The Kremlin later said the presidents had agreed on steps towards peace but a ceasefire had not been agreed between Moscow and Kiev because Russia is not a party to the conflict.

World markets jumped after the initial declaration before trimming gains – Britain’s top share index touched a 14-and-a-half-year high.

Markit’s Composite Purchasing Managers’ Index (PMI), which is based on surveys of thousands of companies across the region and is seen as a good gauge of growth, fell to an eight-month low of 52.5, well below July’s 53.8. That final reading was also weaker than a preliminary estimate of 52.8, although it was the 14th month above the 50 line that denotes growth.

The eurozone economy stalled in the second quarter and private sector growth in Germany, Europe’s powerhouse, eased to a 10-month low in August.

In France, the bloc’s second-biggest economy, activity declined for a fourth month while business activity in Italy’s service sector unexpectedly shrank for the first time in five months.In another sign of weakness, retail sales across the region fell 0.4 per cent in July as expected, the first drop this year.

In Britain, the services industry expanded at the fastest pace in nearly a year last month, suggesting some companies were struggling to keep up with demand, a factor the Bank of England is likely to note as its ponders when to raise interest rates.

While no change is expected at its Monetary Policy Committee meeting today, the BOE is widely touted to be the first major central bank to raise interest rates – although not until early next year.

“The UK domestic economy continues to roar ahead,” said Rob Wood, chief UK economist at Berenberg Bank. “A small 25 basis point hike in interest rates, when it comes – we expect February next year – is unlikely to have much effect on the pace of expansion.”

Although a move upward in rates seems to be nearing from the BoE and the Federal Reserve in the US – where an ISM services PMI due today is expected to show a slight slowing of growth – markets also are focusing on when the ECB will loosen policy.

Speculation the ECB is preparing to buy assets spiked after bank president Mario Draghi said last month the bank was prepared to respond with all its available tools if inflation – which was just 0.3 per cent in August – were to drop further.

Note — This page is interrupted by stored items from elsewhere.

Theorem lemma4p13 (q b t n : nat) :
  2 <= q -> 2 <= b -> 1 <= t -> (t.+1 * b).-1 <= n ->
  let x := nseq b 0 ++ cycseq 1 (n - b) q b in
  let y := nseq b.-1 0 ++ [:: 1] ++ cycseq 1 (n - b) q b in
  ((Dint b t x y)%:Z =
     (Dmax q b n%:Z t%:Z)%:Z - (Dmax q b (n%:Z - b%:Z) t%:Z)%:Z
     + (Dmax q b (n%:Z - (q.+1 * b)%:Z) (t%:Z - q%:Z))%:Z)%R /\
  ((Nminus q b n t)%:Z >=
     (Dmax q b n%:Z t%:Z)%:Z - (Dmax q b (n%:Z - b%:Z) t%:Z)%:Z
     + (Dmax q b (n%:Z - (q.+1 * b)%:Z) (t%:Z - q%:Z))%:Z)%R.
Proof.
move=> hq hb ht hn x y.
have q_gt0 : 0 < q by lia.
have b_gt0 : 0 < b by lia.
have hbn : b <= n by move: hn; rewrite mulSn; lia.
set N := n - b; have hN : t * b <= N.+1 by move: hn; rewrite mulSn /N; lia.
have eN : n = b + N by rewrite /N subnKC.
have key := Dint_xr_yr b_gt0 hq ht hN (r := b); rewrite -eN in key.
have E3 : Dmax q b (n%:Z - (q.+1 * b)%:Z) (t%:Z - q%:Z) = Dcorr q b N t.
  by rewrite eN Dmax_Dcorr.
rewrite (subzn hbn) !Dmax_Dcyc // E3.
have ex : x = xr q b N b by [].
have ey : y = yr q b N b by [].
have eq_int : ((Dint b t x y)%:Z =
    (Dcyc q b n t)%:Z - (Dcyc q b N t)%:Z + (Dcorr q b N t)%:Z)%R.
  by rewrite ex ey; lia.
split=> //; rewrite -eq_int lez_nat ex ey.
by apply: Dint_le_Nminus; rewrite ?size_xr ?size_yr ?all_xr ?all_yr ?xr_neq_yr.
Qed.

The composite output price PMI, which has been sub-50 since April 2012, fell to a three-month low of 48.9 from July’s 49.0 as firms cut prices to drum up trade.

A Reuters poll of economists last week gave a median 75 per cent chance the ECB will launch a quantitative easing programme by March, buying asset-backed securities in a bid to prevent deflation and jump-start economic growth.

The eurozone PMI for the service industry fell to 53.1 from 54.2 in July, below a preliminary 53.5. The business expectations sub-index staged its biggest one-month fall since the tail end of the financial crisis.